(Stored data)
Lemma mcompact_bounded : mcompact d -> exists2 D, 0 <= D & forall x y, d x y <= D.
Proof.
case: md => d_ge0 d_eq0 d_sym d_tri cX.
have [|| n [U [CU cover]]] := cX [set B | exists y, B = mball d y 1].
- by move=> _ [y ->]; exact: mball_mopen.
- move=> x _; exists (mball d x 1); first by exists x.
  by rewrite /mball /= (proj2 (d_eq0 x x) erefl).
have /choice[center U_ball] : forall i, exists y, (i < n)%N -> U i = mball d y 1.
  move=> i; case: (ltnP i n) => [/CU[y ->]|_]; first by exists y.
  by exists point.
pose M := \big[Num.max/0]_(ij : 'I_n * 'I_n) d (center ij.1) (center ij.2).
suff M_bound : forall x y, d x y <= 2 + M.
  by exists (2 + M) => //; exact: le_trans (d_ge0 point point) (M_bound _ _).
move=> x y.
have [i /= ltin Ux] := cover x I; have [j /= ltjn Uy] := cover y I.
rewrite U_ball // /mball /= in Ux; rewrite U_ball // /mball /= in Uy.
have := le_bigmax 0 (fun ij : 'I_n * 'I_n => d (center ij.1) (center ij.2))
  (Ordinal ltin, Ordinal ltjn); rewrite -/M /=.
have := d_tri x (center i) y; have := d_tri (center i) (center j) y.
by rewrite (d_sym x (center i)); lra.
Qed.

End MetricSpace.

Section BorelMeasurability.
Context {R : realType}.

Lemma mopen_measurable (Z : pointedType) (d : Z -> Z -> R) (A : set Z) :
  mopen d A -> measurable (A : set (Borel d)).
Proof. exact: sub_sigma_algebra. Qed.

Lemma nonexpansive_measurable {Z W : pointedType} {dZ : Z -> Z -> R}
    {dW : W -> W -> R} {g : Z -> W} :
  (forall z z', dW (g z) (g z') <= dZ z z') ->
  measurable_fun setT (g : Borel dZ -> Borel dW).
Proof.
move=> g_nonexp.
apply: (@measurability _ _ (Borel dZ) (Borel dW) _ _ (mopen dW)) => //.
move=> _ [B oB <-].
rewrite setTI; apply: mopen_measurable => z /oB[r r_gt0 ballB].
by exists r => // z' zz'; apply: ballB; exact: le_lt_trans (g_nonexp z z') _.
Qed.

Lemma lipschitz_measurable (Z : pointedType) (d : Z -> Z -> R) (h : Z -> R)
    (K : R) :
  0 < K -> (forall z z', h z - h z' <= K * d z z') ->
  measurable_fun setT (h : Borel d -> R).
Proof.
move=> K_gt0 h_lip; apply: (measurability _ (RGenOInfty.measurableE R)) => //.
move=> _ [_ [x ->] <-]; rewrite setTI; apply: mopen_measurable.
move=> z /=; rewrite in_itv /= andbT => xz.
exists ((h z - x) / K); first by rewrite divr_gt0 // subr_gt0.
move=> z'; rewrite /mball /= in_itv /= andbT ltr_pdivlMr // mulrC => zz'.
by have := h_lip z z'; lra.
Qed.

Lemma dprod_map_nonexpansive {X Y : Type} {dX : X -> X -> R}
    {dY : Y -> Y -> R} {f : X -> Y} :
  (forall x x', dY (f x) (f x') <= dX x x') ->
  forall z z', dprod dY dY (f z.1, f z.2) (f z'.1, f z'.2) <= dprod dX dX z z'.
Proof.
move=> f_nonexp z z'; rewrite /dprod /= ge_max !le_max.
by rewrite !f_nonexp orbT.
Qed.

Lemma metric_measurable {Z : pointedType} {d : Z -> Z -> R} :
  is_metric d ->
  measurable_fun [set: Borel (dprod d d)] (fun z => (d z.1 z.2)%:E).
Proof.
case=> _ _ d_sym d_tri; apply/measurable_EFinP.
apply: (@lipschitz_measurable _ _ _ 2) => // z z'.
have dz1 : d z.1 z'.1 <= dprod d d z z' by rewrite le_max lexx.
have dz2 : d z.2 z'.2 <= dprod d d z z' by rewrite le_max lexx orbT.
have := d_tri z.1 z'.1 z.2; have := d_tri z'.1 z'.2 z.2.
by rewrite (d_sym z'.2 z.2); lra.
Qed.

End BorelMeasurability.

Section Kantorovich.
Context {R : realType} {Z : pointedType} {d : Z -> Z -> R}.
Hypothesis md : is_metric d.

Let cost (lam : probability (Borel (dprod d d)) R) :=
  (\int[lam]_(z in setT) (d z.1 z.2)%:E)%E.

Let cost_ge0 lam : (0 <= cost lam)%E.
Proof. by apply: integral_ge0 => z _; rewrite lee_fin; case: md. Qed.

Lemma dP_le {mu eta lam} r :
  couplings (d:=d) mu eta lam -> (cost lam <= r%:E)%E -> dP d mu eta <= r.
Proof.
move=> lam_mu_eta cost_le; rewrite /dP.
set S := (X in ereal_inf X).
have inf_ge0 : (0 <= ereal_inf S)%E.
  by apply: le_ereal_inf_tmp => _ [lam' _ <-]; exact: cost_ge0.
have : (ereal_inf S <= r%:E)%E.
  by apply: ge_ereal_inf; exists (cost lam) => //; exists lam.
by move: inf_ge0; case: (ereal_inf S) => [s| |] //=; rewrite lee_fin.
Qed.

Lemma dP_approx {mu eta e} : 0 < dP d mu eta -> 0 < e ->
  exists2 lam, couplings (d:=d) mu eta lam & (cost lam < (dP d mu eta + e)%:E)%E.
Proof.
rewrite /dP; set S := (X in ereal_inf X).
case E: (ereal_inf S) => [s| |] /=; rewrite ?ltxx // => s_gt0 e_gt0.
have : (ereal_inf S < (s + e)%:E)%E by rewrite E lte_fin ltrDl.
by case/ereal_inf_lt => _ [lam lam_mu_eta <-]; exists lam.
Qed.

Lemma dP_le_bound D mu eta :
  (forall z z', d z z' <= D) -> 0 <= D -> dP d mu eta <= D.
Proof.
move=> d_le_D D_ge0; have [dP_le0|dP_gt0] := leP (dP d mu eta) 0.
  exact: le_trans dP_le0 D_ge0.
have [lam lam_mu_eta _] := dP_approx dP_gt0 ltr01.
apply: (dP_le _ lam_mu_eta).
apply: (@le_trans _ _ (\int[lam]_(z in setT) (cst D%:E) z)%E).
  apply: ge0_le_integral => //.
  - by move=> z _; rewrite lee_fin; case: md.
  - exact: metric_measurable.
  - by move=> z _; rewrite lee_fin.
by rewrite integral_cst // [X in (_ * X)%E]probability_setT mule1.
Qed.

End Kantorovich.

Lemma probability_integral_affine (R : realType) d (T : measurableType d)
    (P : probability T R) (h : T -> \bar R) (s c : R) :
  0 <= s -> 0 <= c -> measurable_fun setT h -> (forall z, 0 <= h z)%E ->
  (\int[P]_(z in setT) (s%:E * h z + c%:E) =
   s%:E * \int[P]_(z in setT) h z + c%:E)%E.
Proof.
move=> s_ge0 c_ge0 mh h_ge0.
rewrite ge0_integralD //; last 2 first.
- by move=> z _; rewrite mule_ge0.
- exact: measurable_funeM.
rewrite ge0_integralZl //.
by rewrite integral_cst // [X in (c%:E * X)%E]probability_setT mule1.
Qed.

Definition mfun_of d d' (T : measurableType d) (T' : measurableType d')
  (g : T -> T') (mg : measurable_fun setT g) : {mfun T >-> T'} :=
  HB.pack g (isMeasurableFun.Build _ _ _ _ g mg).
Arguments mfun_of {d d' T T' g}.

Section Pushforward.
Context {R : realType} {X Y : pointedType}.
Context {dX : X -> X -> R} {dY : Y -> Y -> R} {f : X -> Y}.
Hypotheses (mX : is_metric dX) (mY : is_metric dY).
Hypothesis f_nonexp : forall x x', dY (f x) (f x') <= dX x x'.

Let f_measurable := nonexpansive_measurable f_nonexp.
Let f2_measurable := nonexpansive_measurable (dprod_map_nonexpansive f_nonexp).

Let preimage_measurable (A : set (Borel dY)) :
  measurable A -> measurable (f @^-1` A : set (Borel dX)).
Proof. by move=> mA; rewrite -(setTI (f @^-1` A)); exact: f_measurable. Qed.

Lemma Pf_Prob mu : Prob dX mu -> Prob dY (Pf f mu).
Proof.
case=> P P_mu.
exists (Probability.clone _ _ _ (distribution P (mfun_of f_measurable)) _).
by move=> A mA; rewrite /distribution /pushforward /Pf /= -P_mu //;
  exact: preimage_measurable.
Qed.

Lemma dP_Pf_le {mu eta lam} r : couplings (d:=dX) mu eta lam ->
  (\int[lam]_(z in setT) (dY (f z.1) (f z.2))%:E <= r%:E)%E ->
  dP dY (Pf f mu) (Pf f eta) <= r.
Proof.
case=> lam1 lam2 cost_le.
apply: (dP_le mY (lam := distribution lam (mfun_of f2_measurable))).
  by split=> A mA; rewrite /distribution /pushforward /Pf /=;
    [apply: lam1 | apply: lam2]; exact: preimage_measurable.
rewrite /distribution ge0_integral_pushforward //.
- exact: metric_measurable.
- by move=> z _; rewrite lee_fin; case: mY.
Qed.

Lemma dP_Pf_le_affine mu eta s c :
  0 <= s -> 0 <= c -> (forall x x', dY (f x) (f x') <= s * dX x x' + c) ->
  0 < dP dX mu eta -> dP dY (Pf f mu) (Pf f eta) <= s * dP dX mu eta + c.
Proof.
move=> s_ge0 c_ge0 f_affine dP_gt0; set t := dP dX mu eta.
apply/ler_addgt0Pr => e e_gt0.
have e'_gt0 : 0 < e / (s + 1) by rewrite divr_gt0 // ltr_wpDl.
have [lam lam_mu_eta cost_lt] := dP_approx dP_gt0 e'_gt0.
apply: (le_trans (dP_Pf_le (s * (t + e / (s + 1)) + c) lam_mu_eta _)).
  apply: (@le_trans _ _ (\int[lam]_(z in setT)
      (s%:E * (dX z.1 z.2)%:E + c%:E))%E).
    apply: ge0_le_integral => //.
    - by move=> z _; rewrite lee_fin; case: mY.
    - exact: measurableT_comp (metric_measurable mY) f2_measurable.
    - exact: emeasurable_funD (measurable_funeM _ (metric_measurable mX))
        (measurable_cst _).
    - by move=> z _; rewrite -EFinM -EFinD lee_fin; exact: f_affine.
  rewrite probability_integral_affine //; last 2 first.
  - exact: metric_measurable.
  - by move=> z; rewrite lee_fin; case: mX.
  by rewrite EFinD EFinM leeD2r // lee_wpmul2l // ltW.
have : s * (e / (s + 1)) <= e.
  by rewrite mulrA ler_pdivrMr ?ltr_wpDl // mulrDr mulr1 mulrC lerDl ltW.
by rewrite mulrDr; lra.
Qed.

End Pushforward.

Section RakotchModulus.
Context {R : realType} {phi : R -> R}.
Hypothesis phi_ge0 : forall t, 0 <= t -> 0 <= phi t.
Hypothesis phi_ratio : forall a, 0 < a ->
  exists2 c : R, c < 1 & forall t, a < t -> phi t / t <= c.

Definition ratio_sup (b : R) : R := sup [set phi u / u | u in [set u | b < u]].

Let ratios_neq0 b : [set phi u / u | u in [set u | b < u]] !=set0.
Proof. by exists (phi (b + 1) / (b + 1)); exists (b + 1) => //=; lra. Qed.

Lemma le_ratio_sup {b u} : 0 < b -> b < u -> phi u / u <= ratio_sup b.
Proof.
move=> b_gt0 bu; apply: sup_upper_bound; last by exists u.
split; first exact: ratios_neq0.
have [c _ phi_c] := phi_ratio _ b_gt0.
by exists c => _ [v /= bv <-]; exact: phi_c.
Qed.

Lemma ratio_sup_lt1 {b} : 0 < b -> ratio_sup b < 1.
Proof.
move=> b_gt0; have [c c_lt1 phi_c] := phi_ratio _ b_gt0.
apply: le_lt_trans c_lt1; apply: ge_sup; first exact: ratios_neq0.
by move=> _ [u /= bu <-]; exact: phi_c.
Qed.

Lemma ratio_sup_ge0 {b} : 0 < b -> 0 <= ratio_sup b.
Proof.
move=> b_gt0; have b_lt : b < b + 1 by lra.
by apply: le_trans (le_ratio_sup b_gt0 b_lt); rewrite divr_ge0 ?phi_ge0; lra.
Qed.

Lemma ratio_sup_le {a b} : 0 < a -> a <= b -> ratio_sup b <= ratio_sup a.
Proof.
move=> a_gt0 ab; apply: ge_sup; first exact: ratios_neq0.
by move=> _ [u /= bu <-]; apply: le_ratio_sup => //; exact: le_lt_trans bu.
Qed.

Lemma modulus_lt u : 0 < u -> phi u < u.
Proof.
move=> u_gt0; have u2_gt0 : 0 < u / 2 by rewrite divr_gt0.
have u2_lt_u : u / 2 < u by lra.
have := le_lt_trans (le_ratio_sup u2_gt0 u2_lt_u) (ratio_sup_lt1 u2_gt0).
by rewrite ltr_pdivrMr // mul1r.
Qed.

Lemma le_ratio_sup_affine b u v : 0 < b -> 0 <= u -> v <= phi u -> v <= u ->
  v <= ratio_sup b * u + (1 - ratio_sup b) * b.
Proof.
move=> b_gt0 u_ge0 v_phi v_u.
have C_ge0 := ratio_sup_ge0 b_gt0; have C_lt1 := ratio_sup_lt1 b_gt0.
have [u_le_b|b_lt_u] := leP u b.
  have : 0 <= (1 - ratio_sup b) * (b - u) by apply: mulr_ge0; lra.
  lra.
have := le_ratio_sup b_gt0 b_lt_u; rewrite ler_pdivrMr; last lra.
have : 0 <= (1 - ratio_sup b) * b by apply: mulr_ge0; lra.
lra.
Qed.

(* At t <= 0 the modulus only has to dominate d_PY; a bound D on the diameter
   of Y does so without having to construct any coupling. *)
Definition kantorovich_modulus (D t : R) : R :=
  if t <= 0 then D else ratio_sup (t / 2) * t + (1 - ratio_sup (t / 2)) * (t / 2).

Lemma kantorovich_modulus_ge0 D t :
  0 <= D -> 0 <= t -> 0 <= kantorovich_modulus D t.
Proof.
rewrite /kantorovich_modulus => D_ge0 t_ge0; case: (leP t 0) => // t_gt0.
have t2_gt0 : 0 < t / 2 by rewrite divr_gt0.
have := ratio_sup_ge0 t2_gt0; have := ratio_sup_lt1 t2_gt0.
nra.
Qed.

Lemma kantorovich_modulus_ratio D a : 0 < a ->
  exists2 c : R, c < 1 & forall t, a < t -> kantorovich_modulus D t / t <= c.
Proof.
move=> a_gt0; have a2_gt0 : 0 < a / 2 by rewrite divr_gt0.
exists ((1 + ratio_sup (a / 2)) / 2); first by have := ratio_sup_lt1 a2_gt0; lra.
move=> t a_lt_t; have t_gt0 : 0 < t by lra.
rewrite /kantorovich_modulus (leNgt t 0) t_gt0 /=.
have -> : (ratio_sup (t / 2) * t + (1 - ratio_sup (t / 2)) * (t / 2)) / t =
    (1 + ratio_sup (t / 2)) / 2 by field; rewrite gt_eqF.
have a2_le_t2 : a / 2 <= t / 2 by lra.
by have := ratio_sup_le a2_gt0 a2_le_t2; lra.
Qed.

End RakotchModulus.
Arguments ratio_sup {R} phi b.
Arguments kantorovich_modulus {R} phi D t.

Lemma rakotch_nonexpansive {R : realType} {X Y : Type} {dX : X -> X -> R}
    {dY : Y -> Y -> R} {f : X -> Y} :
  is_metric dX -> is_metric dY -> rakotch dX dY f ->
  forall x x', dY (f x) (f x') <= dX x x'.
Proof.
case=> dX_ge0 dX_eq0 _ _ [_ dY_eq0 _ _] [_ [phi [phi_ge0 f_phi phi_ratio]]] x x'.
have [/dX_eq0 <-|dX_gt0] := eqVneq (dX x x') 0.
  by rewrite (proj2 (dY_eq0 _ _) erefl).
apply/ltW/(le_lt_trans (f_phi x x' I I))/(modulus_lt phi_ratio).
by rewrite lt0r dX_gt0 dX_ge0.
Qed.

#### REQUIRED WORK:
As the answer, set down only the lines from the data above between the one holding "have a2_le_t2 : a / 2 <= t / 2 by lra." and the one holding "have [/dX_eq0 <-|dX_gt0]", inclusive, exactly as they read.

#### WRITTEN RESPONSE:
have a2_le_t2 : a / 2 <= t / 2 by lra.
by have := ratio_sup_le a2_gt0 a2_le_t2; lra.
Qed.

End RakotchModulus.
Arguments ratio_sup {R} phi b.
Arguments kantorovich_modulus {R} phi D t.

Lemma rakotch_nonexpansive {R : realType} {X Y : Type} {dX : X -> X -> R}
    {dY : Y -> Y -> R} {f : X -> Y} :
  is_metric dX -> is_metric dY -> rakotch dX dY f ->
  forall x x', dY (f x) (f x') <= dX x x'.
Proof.
case=> dX_ge0 dX_eq0 _ _ [_ dY_eq0 _ _] [_ [phi [phi_ge0 f_phi phi_ratio]]] x x'.
have [/dX_eq0 <-|dX_gt0] := eqVneq (dX x x') 0.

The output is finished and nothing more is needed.